Task: Return the following from the records below: each line, word for word, starting with the line that contains "(* The arc labeled" and going on through the line that contains "have inv_gen k", with nothing outside that range.

Dataset excerpts:
· · · · ·

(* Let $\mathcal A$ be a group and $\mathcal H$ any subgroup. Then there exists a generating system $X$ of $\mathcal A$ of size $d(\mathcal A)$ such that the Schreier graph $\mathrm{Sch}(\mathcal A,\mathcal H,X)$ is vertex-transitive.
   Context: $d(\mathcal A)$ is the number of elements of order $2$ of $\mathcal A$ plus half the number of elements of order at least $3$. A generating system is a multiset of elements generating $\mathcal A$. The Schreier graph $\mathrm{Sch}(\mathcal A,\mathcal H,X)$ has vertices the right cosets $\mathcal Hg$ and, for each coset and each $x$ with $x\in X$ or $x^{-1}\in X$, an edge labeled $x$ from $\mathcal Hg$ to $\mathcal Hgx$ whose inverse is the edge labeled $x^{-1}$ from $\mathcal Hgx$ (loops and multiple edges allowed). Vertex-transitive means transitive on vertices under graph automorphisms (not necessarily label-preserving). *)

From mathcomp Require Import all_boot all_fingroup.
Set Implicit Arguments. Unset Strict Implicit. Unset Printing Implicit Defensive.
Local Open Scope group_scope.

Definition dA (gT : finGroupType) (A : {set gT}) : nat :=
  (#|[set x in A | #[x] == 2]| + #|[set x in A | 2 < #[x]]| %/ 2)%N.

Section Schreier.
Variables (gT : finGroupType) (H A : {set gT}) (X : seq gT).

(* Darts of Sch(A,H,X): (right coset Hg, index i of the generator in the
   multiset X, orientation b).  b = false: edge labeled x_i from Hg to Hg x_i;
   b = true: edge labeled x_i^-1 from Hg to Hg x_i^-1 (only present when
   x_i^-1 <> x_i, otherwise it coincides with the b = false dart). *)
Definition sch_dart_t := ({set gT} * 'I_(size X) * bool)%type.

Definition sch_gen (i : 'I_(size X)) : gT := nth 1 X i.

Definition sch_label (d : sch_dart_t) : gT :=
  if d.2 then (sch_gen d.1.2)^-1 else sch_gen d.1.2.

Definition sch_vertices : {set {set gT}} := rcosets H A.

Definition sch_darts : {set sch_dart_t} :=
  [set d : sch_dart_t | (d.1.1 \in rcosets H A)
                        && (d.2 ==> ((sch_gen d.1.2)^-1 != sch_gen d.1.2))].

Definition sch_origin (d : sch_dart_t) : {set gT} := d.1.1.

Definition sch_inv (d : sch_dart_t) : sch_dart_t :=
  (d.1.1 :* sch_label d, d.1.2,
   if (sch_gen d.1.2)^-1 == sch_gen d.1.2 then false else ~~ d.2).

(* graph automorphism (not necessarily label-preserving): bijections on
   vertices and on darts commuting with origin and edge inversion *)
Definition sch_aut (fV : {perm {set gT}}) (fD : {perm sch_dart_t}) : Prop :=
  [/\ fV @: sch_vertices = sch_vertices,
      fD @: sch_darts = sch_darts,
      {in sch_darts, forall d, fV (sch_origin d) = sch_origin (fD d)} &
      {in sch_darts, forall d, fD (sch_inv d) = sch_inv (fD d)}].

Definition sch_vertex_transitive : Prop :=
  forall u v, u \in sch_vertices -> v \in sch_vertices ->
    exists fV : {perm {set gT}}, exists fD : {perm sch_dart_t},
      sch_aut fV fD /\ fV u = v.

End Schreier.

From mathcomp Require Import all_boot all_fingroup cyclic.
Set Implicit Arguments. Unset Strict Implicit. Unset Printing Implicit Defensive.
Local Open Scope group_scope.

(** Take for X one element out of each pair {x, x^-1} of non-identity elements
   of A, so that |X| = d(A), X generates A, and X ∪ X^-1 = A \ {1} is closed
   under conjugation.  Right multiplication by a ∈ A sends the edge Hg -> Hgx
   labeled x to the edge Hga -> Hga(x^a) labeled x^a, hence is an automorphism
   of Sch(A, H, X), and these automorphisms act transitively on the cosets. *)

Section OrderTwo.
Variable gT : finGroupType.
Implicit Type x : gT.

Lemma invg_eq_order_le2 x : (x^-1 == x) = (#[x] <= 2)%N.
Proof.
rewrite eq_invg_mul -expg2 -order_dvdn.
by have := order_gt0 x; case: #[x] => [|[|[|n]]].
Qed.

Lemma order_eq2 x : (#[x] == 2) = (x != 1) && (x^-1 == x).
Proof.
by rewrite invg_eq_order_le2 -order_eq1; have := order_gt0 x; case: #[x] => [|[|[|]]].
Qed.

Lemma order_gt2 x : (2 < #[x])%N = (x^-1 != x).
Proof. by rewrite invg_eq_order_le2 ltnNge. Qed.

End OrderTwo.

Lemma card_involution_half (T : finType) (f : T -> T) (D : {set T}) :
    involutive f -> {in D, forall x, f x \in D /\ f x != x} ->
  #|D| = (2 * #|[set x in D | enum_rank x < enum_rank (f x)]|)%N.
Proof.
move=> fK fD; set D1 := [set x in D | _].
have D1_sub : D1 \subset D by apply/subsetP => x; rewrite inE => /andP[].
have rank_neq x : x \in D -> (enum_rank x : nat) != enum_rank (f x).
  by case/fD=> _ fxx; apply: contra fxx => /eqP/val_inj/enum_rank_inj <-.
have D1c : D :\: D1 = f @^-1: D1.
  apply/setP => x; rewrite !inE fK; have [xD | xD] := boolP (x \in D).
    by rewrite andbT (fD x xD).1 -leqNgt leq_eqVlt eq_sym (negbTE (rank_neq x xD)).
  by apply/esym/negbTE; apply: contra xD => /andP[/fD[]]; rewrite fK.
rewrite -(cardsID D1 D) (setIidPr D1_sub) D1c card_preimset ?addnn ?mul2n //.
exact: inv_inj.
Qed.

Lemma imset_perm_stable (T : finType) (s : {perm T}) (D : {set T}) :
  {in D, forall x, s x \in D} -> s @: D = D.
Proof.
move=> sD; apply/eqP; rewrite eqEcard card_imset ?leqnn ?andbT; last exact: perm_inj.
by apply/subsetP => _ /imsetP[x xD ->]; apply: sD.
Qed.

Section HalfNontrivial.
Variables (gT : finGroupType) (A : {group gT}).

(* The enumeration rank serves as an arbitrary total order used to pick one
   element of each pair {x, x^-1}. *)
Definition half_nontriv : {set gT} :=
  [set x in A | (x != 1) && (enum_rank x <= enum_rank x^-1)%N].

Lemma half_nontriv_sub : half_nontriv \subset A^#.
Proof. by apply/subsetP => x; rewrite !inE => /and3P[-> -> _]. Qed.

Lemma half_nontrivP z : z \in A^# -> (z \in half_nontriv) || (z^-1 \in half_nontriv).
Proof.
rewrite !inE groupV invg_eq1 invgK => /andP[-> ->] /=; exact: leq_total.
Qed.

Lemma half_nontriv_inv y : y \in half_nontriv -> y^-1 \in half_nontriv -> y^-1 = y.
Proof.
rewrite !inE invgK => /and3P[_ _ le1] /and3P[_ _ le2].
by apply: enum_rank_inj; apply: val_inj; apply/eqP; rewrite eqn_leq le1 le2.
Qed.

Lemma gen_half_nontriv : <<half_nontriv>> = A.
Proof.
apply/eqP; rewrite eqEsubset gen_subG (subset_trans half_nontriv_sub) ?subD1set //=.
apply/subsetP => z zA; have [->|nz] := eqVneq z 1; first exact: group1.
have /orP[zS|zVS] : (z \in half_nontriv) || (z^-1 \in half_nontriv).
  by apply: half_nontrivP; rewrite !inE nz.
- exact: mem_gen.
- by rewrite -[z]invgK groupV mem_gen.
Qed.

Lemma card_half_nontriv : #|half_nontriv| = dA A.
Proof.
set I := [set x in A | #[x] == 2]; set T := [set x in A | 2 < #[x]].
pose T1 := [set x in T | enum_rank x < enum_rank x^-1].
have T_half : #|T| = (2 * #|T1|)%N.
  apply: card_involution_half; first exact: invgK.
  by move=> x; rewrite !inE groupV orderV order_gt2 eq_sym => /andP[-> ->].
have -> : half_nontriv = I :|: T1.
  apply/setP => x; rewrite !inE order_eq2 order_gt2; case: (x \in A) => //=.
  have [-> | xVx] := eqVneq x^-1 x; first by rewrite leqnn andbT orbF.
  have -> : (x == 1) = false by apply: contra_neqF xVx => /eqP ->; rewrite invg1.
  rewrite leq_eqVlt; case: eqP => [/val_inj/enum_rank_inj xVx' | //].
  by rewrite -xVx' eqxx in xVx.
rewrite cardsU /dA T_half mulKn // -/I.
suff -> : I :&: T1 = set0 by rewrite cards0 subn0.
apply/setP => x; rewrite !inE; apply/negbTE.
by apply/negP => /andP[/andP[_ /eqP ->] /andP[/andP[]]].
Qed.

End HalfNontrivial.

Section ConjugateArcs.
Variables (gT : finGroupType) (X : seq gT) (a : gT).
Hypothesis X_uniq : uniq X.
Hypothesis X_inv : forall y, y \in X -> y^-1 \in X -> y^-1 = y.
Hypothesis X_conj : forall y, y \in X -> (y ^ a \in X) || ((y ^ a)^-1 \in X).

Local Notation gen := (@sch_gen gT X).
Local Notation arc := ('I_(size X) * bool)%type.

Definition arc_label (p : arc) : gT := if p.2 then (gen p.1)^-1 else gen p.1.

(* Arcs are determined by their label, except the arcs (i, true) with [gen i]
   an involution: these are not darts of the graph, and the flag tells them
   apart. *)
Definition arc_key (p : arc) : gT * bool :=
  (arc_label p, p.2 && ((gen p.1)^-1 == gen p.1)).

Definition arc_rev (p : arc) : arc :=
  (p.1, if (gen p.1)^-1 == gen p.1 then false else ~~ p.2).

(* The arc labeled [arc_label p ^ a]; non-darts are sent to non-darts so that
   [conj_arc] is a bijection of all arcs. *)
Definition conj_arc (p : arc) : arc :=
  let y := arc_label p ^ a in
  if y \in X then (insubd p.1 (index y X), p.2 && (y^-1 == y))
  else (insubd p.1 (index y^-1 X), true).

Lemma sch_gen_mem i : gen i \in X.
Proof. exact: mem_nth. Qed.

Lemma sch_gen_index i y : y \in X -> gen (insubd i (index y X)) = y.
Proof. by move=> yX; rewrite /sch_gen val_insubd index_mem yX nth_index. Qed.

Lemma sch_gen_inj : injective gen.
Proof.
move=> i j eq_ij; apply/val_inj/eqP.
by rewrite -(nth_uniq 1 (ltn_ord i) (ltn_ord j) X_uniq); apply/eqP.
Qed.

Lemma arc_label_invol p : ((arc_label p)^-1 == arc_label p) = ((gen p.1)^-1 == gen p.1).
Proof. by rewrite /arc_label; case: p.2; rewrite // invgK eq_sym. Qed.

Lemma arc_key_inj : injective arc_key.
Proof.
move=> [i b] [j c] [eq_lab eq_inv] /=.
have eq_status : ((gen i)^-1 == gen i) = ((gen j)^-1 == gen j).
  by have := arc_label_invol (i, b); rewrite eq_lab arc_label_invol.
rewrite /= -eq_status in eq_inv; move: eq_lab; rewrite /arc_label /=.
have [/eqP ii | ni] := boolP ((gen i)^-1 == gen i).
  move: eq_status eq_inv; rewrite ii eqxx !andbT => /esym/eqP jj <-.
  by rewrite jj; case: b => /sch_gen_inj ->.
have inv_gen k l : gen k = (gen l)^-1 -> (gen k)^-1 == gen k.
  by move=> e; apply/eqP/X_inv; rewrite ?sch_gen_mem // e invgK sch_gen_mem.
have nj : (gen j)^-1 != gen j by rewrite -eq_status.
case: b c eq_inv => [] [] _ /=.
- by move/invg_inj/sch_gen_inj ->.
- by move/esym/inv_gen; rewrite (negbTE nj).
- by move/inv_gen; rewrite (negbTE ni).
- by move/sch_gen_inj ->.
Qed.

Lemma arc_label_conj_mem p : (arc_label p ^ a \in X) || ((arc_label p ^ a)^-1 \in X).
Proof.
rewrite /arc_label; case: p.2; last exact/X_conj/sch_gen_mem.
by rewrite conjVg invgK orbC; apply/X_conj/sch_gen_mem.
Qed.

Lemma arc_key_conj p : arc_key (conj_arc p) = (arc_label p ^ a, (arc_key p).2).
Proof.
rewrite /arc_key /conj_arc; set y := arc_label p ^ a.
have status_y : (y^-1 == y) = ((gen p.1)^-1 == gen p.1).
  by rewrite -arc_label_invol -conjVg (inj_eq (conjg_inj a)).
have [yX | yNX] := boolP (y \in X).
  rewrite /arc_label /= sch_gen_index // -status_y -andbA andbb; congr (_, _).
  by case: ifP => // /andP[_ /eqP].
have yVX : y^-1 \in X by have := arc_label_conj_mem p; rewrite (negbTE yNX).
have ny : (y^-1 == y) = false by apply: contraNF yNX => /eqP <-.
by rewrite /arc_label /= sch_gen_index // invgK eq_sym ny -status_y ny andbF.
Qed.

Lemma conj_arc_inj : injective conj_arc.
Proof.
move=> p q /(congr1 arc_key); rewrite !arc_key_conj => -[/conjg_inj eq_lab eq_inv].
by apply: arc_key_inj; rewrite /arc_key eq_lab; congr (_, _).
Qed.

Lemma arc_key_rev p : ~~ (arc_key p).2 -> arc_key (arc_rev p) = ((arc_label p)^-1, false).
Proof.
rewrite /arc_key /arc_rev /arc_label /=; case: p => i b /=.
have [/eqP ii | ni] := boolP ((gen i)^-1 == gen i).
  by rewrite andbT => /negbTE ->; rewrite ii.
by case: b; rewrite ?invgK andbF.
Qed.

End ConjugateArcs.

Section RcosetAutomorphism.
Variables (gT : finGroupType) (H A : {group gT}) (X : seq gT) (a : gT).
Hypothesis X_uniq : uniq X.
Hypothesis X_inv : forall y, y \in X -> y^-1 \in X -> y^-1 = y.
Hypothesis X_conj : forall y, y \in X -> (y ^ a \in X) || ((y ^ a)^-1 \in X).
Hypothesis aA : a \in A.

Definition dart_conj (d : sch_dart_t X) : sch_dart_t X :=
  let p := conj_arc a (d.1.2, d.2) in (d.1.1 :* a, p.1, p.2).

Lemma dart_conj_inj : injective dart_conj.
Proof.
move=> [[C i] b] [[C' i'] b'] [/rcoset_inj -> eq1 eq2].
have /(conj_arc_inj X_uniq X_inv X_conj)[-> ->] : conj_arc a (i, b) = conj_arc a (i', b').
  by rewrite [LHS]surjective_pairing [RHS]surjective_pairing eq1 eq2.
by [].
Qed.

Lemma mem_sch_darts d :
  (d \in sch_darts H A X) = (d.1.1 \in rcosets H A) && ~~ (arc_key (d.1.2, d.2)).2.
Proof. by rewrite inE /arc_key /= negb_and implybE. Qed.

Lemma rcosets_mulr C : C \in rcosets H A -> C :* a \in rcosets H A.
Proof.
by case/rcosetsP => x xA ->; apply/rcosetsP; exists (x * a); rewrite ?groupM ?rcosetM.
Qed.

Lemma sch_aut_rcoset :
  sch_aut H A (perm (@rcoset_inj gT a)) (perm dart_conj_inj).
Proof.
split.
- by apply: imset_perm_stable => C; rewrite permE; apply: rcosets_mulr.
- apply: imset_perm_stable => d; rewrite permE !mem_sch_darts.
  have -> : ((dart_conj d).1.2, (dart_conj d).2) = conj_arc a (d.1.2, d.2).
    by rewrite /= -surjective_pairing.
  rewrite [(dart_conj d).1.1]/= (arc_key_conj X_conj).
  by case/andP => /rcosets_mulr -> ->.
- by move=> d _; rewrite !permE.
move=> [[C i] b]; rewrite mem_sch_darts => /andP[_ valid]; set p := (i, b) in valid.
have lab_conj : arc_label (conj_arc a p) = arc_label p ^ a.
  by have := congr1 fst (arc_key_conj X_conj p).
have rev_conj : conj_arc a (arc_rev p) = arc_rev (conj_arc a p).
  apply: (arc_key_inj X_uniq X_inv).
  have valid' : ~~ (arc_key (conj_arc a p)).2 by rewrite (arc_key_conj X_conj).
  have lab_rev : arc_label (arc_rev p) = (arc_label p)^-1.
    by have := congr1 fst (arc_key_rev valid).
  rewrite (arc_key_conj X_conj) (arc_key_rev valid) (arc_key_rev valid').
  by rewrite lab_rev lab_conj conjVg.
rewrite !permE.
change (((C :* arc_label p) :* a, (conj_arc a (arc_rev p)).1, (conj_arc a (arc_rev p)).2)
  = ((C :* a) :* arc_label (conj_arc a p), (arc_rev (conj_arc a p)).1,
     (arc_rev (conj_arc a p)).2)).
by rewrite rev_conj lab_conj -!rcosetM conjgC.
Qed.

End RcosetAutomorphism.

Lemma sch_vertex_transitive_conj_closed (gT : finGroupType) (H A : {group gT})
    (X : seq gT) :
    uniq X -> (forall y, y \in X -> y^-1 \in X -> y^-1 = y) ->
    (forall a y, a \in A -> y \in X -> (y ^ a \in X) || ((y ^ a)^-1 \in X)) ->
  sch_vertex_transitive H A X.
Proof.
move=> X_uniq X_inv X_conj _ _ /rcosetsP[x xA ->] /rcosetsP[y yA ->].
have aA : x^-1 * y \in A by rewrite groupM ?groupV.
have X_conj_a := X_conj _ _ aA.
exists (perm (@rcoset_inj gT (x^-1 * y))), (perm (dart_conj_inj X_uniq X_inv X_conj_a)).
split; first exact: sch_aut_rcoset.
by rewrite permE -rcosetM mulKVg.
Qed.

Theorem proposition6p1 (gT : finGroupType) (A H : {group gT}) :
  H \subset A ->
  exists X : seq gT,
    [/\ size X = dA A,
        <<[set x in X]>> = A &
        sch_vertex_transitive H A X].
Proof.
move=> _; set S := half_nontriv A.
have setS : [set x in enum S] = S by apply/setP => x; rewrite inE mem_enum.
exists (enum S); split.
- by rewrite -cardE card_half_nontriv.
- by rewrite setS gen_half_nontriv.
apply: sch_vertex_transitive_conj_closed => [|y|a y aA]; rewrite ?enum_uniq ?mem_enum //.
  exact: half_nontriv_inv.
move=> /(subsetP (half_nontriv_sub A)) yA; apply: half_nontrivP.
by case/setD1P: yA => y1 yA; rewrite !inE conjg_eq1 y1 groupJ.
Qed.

· · · · ·

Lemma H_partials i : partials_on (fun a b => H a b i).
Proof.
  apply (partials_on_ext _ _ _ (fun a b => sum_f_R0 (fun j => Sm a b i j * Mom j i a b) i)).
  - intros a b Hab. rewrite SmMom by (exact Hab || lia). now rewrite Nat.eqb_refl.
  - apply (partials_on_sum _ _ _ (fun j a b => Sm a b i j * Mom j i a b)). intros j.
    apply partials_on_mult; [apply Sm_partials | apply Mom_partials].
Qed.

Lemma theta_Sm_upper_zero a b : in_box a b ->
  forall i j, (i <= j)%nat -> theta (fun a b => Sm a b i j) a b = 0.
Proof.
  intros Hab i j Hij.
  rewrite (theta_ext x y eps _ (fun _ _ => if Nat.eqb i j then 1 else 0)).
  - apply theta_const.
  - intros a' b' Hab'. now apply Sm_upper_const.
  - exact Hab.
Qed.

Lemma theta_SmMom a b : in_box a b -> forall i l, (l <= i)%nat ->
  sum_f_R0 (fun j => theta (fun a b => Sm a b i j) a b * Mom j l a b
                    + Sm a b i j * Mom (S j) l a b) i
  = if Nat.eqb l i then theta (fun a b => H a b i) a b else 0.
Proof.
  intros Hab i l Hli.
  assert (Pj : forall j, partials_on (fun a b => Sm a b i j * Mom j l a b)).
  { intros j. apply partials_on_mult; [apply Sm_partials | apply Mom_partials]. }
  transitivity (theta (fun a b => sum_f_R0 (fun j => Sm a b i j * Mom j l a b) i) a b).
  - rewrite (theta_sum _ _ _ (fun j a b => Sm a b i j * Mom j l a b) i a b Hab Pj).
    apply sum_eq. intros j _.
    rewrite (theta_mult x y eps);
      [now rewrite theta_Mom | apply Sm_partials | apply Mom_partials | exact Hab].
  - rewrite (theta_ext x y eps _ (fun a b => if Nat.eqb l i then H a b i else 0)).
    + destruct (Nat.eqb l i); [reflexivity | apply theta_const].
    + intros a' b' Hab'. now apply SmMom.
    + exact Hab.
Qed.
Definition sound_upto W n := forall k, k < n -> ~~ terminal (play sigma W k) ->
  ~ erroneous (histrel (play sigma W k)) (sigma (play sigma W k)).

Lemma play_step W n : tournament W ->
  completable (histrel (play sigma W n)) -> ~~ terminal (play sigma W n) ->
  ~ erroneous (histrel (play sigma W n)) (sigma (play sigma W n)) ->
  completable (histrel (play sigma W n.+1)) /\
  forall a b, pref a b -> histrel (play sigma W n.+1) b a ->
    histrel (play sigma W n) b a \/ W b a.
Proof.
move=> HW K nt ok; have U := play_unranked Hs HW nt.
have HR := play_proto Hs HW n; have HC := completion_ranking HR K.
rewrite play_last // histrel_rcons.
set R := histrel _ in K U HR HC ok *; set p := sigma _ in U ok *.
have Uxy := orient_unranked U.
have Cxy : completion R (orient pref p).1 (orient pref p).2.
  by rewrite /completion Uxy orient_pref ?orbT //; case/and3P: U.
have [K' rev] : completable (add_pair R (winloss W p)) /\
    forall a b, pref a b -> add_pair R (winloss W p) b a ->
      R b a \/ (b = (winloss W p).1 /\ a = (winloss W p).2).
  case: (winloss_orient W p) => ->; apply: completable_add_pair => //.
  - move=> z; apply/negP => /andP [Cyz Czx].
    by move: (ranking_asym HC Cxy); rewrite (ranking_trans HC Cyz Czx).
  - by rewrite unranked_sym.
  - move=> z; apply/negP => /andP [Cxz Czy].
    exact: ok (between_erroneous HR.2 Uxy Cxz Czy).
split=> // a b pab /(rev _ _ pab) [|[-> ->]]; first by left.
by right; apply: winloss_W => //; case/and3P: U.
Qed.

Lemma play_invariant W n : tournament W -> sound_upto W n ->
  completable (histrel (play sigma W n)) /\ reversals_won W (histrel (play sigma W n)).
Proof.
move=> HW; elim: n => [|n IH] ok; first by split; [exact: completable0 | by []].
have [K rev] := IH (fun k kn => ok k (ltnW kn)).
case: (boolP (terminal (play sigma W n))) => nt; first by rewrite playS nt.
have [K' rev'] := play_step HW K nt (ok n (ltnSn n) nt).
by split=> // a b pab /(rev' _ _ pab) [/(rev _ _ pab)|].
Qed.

· · · · ·

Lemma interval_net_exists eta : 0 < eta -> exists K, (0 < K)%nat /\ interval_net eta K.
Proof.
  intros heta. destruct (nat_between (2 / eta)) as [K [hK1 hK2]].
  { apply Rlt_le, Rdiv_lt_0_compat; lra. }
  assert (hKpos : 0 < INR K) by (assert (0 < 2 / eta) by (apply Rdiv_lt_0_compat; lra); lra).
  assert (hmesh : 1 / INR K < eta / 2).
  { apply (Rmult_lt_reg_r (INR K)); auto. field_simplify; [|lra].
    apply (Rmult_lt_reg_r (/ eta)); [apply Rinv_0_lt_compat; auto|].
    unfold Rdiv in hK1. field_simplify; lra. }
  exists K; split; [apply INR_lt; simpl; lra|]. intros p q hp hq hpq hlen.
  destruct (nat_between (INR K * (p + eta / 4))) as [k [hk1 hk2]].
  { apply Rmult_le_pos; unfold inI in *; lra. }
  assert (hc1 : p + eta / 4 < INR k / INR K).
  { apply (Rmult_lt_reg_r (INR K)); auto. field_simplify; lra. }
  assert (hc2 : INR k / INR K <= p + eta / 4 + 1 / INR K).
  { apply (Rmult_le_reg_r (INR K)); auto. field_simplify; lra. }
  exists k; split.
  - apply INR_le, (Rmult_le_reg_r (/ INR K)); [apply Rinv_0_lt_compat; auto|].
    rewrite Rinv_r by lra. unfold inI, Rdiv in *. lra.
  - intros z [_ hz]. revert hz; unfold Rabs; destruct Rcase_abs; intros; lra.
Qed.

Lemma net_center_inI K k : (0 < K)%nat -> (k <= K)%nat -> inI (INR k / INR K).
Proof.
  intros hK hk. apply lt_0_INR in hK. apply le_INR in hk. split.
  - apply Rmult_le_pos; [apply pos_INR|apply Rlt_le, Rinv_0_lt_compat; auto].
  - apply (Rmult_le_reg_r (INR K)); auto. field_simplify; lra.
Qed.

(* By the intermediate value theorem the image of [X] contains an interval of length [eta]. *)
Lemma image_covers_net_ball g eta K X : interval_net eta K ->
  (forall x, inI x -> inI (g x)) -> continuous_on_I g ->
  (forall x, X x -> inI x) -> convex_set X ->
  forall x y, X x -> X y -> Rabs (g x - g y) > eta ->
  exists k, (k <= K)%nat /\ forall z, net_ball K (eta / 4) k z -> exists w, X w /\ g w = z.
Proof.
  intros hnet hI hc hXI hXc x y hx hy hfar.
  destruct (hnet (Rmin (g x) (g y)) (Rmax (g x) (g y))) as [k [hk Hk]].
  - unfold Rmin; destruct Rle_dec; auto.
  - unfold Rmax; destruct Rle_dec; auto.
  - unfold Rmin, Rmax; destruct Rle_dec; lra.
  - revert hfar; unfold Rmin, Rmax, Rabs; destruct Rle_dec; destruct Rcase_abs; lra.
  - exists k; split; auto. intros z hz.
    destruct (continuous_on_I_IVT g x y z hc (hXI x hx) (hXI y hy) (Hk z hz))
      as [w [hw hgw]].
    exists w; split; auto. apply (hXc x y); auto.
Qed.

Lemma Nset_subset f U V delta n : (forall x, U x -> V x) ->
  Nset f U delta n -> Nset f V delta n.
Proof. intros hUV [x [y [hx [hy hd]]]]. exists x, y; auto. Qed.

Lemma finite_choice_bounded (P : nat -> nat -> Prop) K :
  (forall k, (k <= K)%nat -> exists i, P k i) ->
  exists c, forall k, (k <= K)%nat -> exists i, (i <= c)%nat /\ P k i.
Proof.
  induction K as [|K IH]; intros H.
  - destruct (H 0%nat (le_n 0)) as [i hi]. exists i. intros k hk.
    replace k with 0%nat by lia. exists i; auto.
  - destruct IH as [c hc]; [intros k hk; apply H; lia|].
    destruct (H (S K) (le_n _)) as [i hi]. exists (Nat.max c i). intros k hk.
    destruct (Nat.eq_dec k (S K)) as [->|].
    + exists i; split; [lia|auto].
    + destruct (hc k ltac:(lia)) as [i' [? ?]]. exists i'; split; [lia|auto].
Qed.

· · · · ·

Solution to this exercise:
(* The arc labeled [arc_label p ^ a]; non-darts are sent to non-darts so that
   [conj_arc] is a bijection of all arcs. *)
Definition conj_arc (p : arc) : arc :=
  let y := arc_label p ^ a in
  if y \in X then (insubd p.1 (index y X), p.2 && (y^-1 == y))
  else (insubd p.1 (index y^-1 X), true).

Lemma sch_gen_mem i : gen i \in X.
Proof. exact: mem_nth. Qed.

Lemma sch_gen_index i y : y \in X -> gen (insubd i (index y X)) = y.
Proof. by move=> yX; rewrite /sch_gen val_insubd index_mem yX nth_index. Qed.

Lemma sch_gen_inj : injective gen.
Proof.
move=> i j eq_ij; apply/val_inj/eqP.
by rewrite -(nth_uniq 1 (ltn_ord i) (ltn_ord j) X_uniq); apply/eqP.
Qed.

Lemma arc_label_invol p : ((arc_label p)^-1 == arc_label p) = ((gen p.1)^-1 == gen p.1).
Proof. by rewrite /arc_label; case: p.2; rewrite // invgK eq_sym. Qed.

Lemma arc_key_inj : injective arc_key.
Proof.
move=> [i b] [j c] [eq_lab eq_inv] /=.
have eq_status : ((gen i)^-1 == gen i) = ((gen j)^-1 == gen j).
  by have := arc_label_invol (i, b); rewrite eq_lab arc_label_invol.
rewrite /= -eq_status in eq_inv; move: eq_lab; rewrite /arc_label /=.
have [/eqP ii | ni] := boolP ((gen i)^-1 == gen i).
  move: eq_status eq_inv; rewrite ii eqxx !andbT => /esym/eqP jj <-.
  by rewrite jj; case: b => /sch_gen_inj ->.
have inv_gen k l : gen k = (gen l)^-1 -> (gen k)^-1 == gen k.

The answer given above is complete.